» Information given

══════════

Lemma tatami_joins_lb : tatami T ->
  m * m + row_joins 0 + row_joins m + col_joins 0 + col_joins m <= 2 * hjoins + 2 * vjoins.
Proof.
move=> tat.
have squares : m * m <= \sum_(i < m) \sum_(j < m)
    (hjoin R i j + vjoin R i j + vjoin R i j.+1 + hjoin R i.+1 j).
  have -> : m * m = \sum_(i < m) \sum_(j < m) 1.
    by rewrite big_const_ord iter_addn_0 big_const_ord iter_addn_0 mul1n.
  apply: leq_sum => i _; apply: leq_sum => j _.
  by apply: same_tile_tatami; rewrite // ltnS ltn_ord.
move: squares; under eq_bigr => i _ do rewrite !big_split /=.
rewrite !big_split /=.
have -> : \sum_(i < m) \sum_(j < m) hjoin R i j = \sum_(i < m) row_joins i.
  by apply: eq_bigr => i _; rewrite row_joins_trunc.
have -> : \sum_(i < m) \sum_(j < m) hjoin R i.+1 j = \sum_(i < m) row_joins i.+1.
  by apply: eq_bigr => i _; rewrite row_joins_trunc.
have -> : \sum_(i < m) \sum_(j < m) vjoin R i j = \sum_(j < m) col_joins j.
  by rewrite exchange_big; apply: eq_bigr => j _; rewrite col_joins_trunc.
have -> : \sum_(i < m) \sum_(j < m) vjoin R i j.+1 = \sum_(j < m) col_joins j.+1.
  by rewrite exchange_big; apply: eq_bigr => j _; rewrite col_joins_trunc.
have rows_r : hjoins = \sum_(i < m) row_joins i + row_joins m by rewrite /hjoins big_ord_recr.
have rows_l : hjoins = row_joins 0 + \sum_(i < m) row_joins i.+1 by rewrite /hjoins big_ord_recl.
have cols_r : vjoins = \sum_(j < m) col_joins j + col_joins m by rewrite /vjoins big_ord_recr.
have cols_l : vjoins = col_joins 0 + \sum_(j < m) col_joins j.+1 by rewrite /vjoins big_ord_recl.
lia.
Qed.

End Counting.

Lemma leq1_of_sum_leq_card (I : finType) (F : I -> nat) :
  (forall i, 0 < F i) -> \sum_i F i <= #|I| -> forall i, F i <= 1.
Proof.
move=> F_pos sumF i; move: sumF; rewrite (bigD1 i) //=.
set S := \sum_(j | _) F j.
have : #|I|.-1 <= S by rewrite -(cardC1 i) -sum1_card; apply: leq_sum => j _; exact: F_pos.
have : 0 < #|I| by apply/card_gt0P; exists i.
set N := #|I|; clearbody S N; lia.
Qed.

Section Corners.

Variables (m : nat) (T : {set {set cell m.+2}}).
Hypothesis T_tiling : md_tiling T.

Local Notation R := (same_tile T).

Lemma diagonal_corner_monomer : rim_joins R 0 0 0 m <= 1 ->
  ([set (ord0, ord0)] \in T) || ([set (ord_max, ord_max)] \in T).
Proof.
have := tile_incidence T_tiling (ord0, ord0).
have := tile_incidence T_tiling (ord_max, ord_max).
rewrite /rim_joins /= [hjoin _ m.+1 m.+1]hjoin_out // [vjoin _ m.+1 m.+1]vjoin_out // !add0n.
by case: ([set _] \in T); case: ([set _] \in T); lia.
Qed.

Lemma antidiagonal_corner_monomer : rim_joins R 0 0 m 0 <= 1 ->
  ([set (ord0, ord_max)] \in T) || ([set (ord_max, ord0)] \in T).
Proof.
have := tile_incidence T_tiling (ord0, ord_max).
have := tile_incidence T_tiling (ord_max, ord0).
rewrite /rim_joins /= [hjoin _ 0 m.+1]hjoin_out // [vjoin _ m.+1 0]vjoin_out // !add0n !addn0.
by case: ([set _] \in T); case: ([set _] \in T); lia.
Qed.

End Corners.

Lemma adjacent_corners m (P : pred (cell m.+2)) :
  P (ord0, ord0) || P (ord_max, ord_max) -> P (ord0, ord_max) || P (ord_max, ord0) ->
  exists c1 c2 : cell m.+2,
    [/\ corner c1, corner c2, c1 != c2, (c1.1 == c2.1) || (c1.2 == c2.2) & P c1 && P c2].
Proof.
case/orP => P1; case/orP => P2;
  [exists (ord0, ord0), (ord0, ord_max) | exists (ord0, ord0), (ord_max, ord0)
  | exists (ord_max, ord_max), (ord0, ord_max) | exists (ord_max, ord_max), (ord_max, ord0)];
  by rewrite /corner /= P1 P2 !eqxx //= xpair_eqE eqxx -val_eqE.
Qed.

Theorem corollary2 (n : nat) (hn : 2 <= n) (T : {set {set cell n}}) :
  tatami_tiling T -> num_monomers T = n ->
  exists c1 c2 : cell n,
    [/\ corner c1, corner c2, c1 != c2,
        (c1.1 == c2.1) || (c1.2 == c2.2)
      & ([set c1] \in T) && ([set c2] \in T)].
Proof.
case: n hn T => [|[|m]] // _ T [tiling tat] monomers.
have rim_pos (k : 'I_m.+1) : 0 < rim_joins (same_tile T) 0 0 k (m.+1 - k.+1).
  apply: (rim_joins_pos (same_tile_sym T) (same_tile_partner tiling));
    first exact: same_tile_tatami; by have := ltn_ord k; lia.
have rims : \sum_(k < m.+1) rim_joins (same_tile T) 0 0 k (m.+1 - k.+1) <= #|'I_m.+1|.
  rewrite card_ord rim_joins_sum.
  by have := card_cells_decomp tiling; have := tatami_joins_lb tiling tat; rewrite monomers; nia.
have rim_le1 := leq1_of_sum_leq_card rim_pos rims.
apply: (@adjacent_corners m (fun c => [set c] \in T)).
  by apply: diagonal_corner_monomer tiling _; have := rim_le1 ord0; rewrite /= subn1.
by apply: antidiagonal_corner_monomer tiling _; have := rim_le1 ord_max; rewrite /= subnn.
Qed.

══════════

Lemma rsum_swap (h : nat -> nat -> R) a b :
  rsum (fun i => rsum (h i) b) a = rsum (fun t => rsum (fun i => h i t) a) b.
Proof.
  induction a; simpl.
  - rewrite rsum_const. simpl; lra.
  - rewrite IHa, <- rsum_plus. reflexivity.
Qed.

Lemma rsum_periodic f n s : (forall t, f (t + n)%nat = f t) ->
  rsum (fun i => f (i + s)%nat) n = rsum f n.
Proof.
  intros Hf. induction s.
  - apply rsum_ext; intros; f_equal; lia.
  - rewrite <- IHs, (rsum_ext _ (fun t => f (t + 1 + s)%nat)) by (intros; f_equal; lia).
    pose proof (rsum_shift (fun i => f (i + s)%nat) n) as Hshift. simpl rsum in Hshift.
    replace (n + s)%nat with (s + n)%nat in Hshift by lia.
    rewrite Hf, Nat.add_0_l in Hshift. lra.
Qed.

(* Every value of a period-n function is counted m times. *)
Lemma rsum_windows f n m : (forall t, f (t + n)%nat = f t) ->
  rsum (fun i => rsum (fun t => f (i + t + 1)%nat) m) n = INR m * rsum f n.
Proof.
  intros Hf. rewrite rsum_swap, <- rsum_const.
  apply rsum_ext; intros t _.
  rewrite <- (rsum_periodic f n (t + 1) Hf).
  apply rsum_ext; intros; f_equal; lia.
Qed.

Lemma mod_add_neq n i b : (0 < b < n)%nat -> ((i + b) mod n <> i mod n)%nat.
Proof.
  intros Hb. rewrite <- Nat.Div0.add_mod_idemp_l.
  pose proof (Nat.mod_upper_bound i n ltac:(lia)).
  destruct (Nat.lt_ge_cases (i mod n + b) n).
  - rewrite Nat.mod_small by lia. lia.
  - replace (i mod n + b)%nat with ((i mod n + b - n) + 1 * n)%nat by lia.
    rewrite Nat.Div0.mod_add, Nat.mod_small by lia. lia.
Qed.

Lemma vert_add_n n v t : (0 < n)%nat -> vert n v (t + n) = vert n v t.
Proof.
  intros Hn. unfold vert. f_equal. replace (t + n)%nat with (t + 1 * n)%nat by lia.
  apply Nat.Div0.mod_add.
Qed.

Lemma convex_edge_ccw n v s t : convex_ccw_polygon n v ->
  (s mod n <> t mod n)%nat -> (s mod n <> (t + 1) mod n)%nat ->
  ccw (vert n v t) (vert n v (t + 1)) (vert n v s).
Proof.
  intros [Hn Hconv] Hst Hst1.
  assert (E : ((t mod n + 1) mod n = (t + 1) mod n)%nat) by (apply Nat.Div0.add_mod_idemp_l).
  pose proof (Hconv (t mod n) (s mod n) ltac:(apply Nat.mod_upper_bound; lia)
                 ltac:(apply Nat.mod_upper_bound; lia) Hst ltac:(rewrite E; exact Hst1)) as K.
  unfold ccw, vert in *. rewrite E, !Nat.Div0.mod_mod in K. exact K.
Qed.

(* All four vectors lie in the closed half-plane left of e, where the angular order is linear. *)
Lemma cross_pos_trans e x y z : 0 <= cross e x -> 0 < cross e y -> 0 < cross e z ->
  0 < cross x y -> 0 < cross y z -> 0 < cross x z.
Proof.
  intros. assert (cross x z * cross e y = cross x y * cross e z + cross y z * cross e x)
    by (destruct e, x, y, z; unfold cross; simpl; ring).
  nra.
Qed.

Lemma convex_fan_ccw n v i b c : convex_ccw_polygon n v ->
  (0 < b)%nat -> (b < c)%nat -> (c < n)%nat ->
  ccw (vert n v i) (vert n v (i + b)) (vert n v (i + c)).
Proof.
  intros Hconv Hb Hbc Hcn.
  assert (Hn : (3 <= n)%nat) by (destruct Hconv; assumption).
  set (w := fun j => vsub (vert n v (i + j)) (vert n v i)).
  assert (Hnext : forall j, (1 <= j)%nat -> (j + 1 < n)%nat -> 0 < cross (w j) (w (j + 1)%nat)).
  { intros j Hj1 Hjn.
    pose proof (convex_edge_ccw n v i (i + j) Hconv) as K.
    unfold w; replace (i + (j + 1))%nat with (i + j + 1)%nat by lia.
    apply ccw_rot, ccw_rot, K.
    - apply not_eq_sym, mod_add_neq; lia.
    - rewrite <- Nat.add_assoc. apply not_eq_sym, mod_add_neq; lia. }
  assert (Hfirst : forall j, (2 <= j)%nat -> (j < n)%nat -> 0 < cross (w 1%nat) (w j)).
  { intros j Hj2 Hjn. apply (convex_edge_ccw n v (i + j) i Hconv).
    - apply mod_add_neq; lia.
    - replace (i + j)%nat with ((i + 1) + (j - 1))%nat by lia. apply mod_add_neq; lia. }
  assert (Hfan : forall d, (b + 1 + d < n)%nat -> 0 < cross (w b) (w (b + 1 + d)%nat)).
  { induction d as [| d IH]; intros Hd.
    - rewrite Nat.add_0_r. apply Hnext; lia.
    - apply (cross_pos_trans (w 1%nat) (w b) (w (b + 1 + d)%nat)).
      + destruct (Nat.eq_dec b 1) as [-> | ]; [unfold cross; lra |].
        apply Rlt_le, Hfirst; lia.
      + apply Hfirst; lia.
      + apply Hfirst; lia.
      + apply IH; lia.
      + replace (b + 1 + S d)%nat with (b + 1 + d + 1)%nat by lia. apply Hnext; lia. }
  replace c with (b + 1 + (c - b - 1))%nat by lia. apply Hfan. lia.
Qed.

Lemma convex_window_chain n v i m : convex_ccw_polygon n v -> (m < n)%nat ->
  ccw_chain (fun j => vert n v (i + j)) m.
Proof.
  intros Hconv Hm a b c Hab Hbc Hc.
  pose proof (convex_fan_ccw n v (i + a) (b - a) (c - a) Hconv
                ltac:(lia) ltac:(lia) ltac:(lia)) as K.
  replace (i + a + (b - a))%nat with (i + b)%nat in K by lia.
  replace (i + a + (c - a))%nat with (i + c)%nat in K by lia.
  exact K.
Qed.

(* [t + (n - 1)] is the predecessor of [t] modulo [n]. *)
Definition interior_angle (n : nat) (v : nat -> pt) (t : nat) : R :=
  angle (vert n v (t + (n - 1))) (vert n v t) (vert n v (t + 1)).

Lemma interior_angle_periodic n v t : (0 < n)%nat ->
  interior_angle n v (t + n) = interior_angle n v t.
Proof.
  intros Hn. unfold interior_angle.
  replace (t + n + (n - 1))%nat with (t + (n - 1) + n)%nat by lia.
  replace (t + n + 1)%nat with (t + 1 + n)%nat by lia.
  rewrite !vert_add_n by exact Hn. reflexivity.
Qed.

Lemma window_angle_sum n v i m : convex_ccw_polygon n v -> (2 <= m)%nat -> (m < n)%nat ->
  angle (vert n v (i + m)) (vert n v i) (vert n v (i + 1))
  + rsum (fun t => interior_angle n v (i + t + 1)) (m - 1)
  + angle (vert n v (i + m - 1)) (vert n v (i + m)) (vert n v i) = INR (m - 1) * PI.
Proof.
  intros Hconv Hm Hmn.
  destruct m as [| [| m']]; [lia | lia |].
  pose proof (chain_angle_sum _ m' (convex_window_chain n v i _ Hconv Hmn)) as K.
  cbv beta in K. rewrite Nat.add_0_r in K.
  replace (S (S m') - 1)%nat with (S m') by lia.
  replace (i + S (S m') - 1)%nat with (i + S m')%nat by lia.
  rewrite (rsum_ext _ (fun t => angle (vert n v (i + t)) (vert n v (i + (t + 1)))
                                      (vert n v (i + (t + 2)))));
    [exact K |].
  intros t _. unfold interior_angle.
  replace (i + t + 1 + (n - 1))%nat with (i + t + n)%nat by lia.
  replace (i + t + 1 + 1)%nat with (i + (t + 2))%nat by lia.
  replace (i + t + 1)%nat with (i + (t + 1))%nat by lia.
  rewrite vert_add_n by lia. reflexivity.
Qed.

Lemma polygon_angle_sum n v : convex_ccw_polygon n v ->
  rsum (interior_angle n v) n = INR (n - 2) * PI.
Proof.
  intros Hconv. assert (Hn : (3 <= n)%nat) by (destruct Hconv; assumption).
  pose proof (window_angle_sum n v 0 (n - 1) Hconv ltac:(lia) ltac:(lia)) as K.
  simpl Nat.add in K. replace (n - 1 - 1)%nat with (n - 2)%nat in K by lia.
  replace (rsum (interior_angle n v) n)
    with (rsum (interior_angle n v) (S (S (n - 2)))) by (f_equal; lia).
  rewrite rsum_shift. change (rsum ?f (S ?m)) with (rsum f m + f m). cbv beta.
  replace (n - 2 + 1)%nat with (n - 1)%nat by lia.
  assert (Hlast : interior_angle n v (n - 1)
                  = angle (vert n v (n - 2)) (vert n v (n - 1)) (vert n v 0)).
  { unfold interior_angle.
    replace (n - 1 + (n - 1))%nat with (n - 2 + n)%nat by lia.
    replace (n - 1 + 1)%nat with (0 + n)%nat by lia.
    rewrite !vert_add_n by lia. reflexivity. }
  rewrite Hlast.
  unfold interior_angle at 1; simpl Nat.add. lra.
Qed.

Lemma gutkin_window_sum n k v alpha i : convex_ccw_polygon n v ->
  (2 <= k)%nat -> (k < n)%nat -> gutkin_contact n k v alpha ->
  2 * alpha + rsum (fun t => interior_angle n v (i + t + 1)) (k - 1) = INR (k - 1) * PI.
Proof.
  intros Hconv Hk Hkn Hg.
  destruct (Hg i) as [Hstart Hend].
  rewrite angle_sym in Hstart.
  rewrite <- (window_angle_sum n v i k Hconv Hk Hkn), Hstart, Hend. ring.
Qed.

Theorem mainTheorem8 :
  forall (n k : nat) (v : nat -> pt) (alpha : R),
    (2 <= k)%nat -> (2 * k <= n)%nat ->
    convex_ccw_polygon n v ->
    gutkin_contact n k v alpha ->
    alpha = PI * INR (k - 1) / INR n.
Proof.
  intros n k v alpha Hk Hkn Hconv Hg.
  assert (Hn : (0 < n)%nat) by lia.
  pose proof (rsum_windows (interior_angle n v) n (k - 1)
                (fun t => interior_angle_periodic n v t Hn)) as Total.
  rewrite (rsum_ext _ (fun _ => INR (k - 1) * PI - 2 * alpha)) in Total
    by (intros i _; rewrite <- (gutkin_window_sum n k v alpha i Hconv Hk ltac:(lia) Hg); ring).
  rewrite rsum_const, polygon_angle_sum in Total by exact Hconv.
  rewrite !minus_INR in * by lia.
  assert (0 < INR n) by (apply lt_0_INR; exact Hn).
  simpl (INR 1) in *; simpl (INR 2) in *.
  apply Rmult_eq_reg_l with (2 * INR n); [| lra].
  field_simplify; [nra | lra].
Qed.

══════════

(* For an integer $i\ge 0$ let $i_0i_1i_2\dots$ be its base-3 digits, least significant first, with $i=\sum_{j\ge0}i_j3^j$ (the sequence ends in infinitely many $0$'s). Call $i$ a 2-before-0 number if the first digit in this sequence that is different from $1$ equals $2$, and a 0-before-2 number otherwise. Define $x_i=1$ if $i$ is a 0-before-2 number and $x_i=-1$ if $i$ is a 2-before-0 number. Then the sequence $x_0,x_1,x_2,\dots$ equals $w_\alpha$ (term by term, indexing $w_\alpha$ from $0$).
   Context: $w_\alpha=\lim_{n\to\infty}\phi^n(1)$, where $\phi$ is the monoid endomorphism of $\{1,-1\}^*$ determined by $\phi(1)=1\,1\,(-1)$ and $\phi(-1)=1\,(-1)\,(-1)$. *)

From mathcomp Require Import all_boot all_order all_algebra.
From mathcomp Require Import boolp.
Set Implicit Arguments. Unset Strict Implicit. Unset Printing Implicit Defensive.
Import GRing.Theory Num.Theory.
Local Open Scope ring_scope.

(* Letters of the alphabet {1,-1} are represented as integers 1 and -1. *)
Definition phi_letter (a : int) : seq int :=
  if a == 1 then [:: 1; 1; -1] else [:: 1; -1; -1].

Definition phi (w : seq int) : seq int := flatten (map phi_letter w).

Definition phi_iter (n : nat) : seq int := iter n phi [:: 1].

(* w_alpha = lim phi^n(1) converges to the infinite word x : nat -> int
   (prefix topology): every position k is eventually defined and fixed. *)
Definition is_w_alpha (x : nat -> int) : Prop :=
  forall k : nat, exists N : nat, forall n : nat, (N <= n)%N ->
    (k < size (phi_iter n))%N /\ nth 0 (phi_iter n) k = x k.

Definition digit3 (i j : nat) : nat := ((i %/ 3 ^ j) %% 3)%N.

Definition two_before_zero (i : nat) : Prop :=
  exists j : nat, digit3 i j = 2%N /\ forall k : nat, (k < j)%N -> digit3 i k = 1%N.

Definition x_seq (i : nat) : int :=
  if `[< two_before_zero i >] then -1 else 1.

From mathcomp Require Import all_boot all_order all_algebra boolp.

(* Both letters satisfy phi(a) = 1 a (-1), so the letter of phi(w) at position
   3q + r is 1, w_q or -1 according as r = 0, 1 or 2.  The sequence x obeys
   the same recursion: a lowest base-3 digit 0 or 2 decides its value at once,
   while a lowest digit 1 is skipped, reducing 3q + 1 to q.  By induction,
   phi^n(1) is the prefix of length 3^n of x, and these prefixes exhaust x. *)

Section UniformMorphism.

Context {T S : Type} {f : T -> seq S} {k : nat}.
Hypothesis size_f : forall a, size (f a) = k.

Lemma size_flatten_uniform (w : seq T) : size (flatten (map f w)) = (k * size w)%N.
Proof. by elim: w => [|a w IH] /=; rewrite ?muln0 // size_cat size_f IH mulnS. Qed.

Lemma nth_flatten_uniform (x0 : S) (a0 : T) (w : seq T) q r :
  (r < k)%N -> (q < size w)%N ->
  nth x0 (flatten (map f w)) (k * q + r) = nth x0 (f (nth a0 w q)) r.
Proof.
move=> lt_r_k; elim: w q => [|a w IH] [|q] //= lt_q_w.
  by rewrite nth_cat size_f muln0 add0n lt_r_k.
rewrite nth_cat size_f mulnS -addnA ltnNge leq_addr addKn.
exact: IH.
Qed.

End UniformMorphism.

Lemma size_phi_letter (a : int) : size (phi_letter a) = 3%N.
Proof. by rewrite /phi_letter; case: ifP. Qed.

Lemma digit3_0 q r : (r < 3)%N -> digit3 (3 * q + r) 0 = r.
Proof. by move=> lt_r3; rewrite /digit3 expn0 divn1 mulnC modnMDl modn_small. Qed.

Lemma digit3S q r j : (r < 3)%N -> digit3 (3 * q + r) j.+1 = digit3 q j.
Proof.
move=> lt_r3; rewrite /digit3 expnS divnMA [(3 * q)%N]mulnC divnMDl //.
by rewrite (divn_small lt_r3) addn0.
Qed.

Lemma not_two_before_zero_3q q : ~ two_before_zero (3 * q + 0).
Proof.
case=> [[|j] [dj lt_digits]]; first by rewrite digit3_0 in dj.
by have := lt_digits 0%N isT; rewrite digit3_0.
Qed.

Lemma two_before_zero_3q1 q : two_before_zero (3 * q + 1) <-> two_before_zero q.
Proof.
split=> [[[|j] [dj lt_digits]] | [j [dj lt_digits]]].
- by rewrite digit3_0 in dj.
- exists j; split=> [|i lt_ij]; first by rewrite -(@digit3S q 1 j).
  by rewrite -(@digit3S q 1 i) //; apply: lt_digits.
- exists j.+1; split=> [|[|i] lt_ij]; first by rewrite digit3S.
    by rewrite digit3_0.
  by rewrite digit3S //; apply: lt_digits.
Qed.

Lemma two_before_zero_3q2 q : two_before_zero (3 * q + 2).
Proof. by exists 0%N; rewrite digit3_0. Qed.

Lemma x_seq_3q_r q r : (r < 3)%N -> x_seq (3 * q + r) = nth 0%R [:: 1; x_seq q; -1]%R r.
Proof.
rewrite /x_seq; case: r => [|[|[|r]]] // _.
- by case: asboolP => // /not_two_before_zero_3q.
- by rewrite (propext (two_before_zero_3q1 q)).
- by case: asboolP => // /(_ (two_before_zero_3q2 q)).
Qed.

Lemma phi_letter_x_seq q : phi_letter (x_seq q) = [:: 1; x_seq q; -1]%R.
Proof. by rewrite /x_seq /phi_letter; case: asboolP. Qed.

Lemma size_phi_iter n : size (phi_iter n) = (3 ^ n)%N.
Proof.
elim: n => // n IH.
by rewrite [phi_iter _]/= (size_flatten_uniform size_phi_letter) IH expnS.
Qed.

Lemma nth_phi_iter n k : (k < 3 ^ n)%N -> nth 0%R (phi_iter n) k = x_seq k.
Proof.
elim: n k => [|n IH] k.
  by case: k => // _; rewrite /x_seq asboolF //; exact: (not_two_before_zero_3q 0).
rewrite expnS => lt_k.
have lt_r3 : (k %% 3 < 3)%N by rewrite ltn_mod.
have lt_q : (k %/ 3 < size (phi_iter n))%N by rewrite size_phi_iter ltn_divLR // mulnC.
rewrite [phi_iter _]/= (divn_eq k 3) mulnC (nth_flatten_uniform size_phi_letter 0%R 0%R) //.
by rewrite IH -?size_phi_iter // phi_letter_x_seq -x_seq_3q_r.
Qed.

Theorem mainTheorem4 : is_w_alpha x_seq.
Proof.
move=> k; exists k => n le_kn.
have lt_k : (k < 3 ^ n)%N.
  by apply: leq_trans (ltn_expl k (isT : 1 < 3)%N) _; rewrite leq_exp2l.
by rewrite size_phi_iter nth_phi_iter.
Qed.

══════════

Whenever a line of the data includes the word "prefix", show that line in full.

» Response area
   (prefix topology): every position k is eventually defined and fixed. *)
   phi^n(1) is the prefix of length 3^n of x, and these prefixes exhaust x. *)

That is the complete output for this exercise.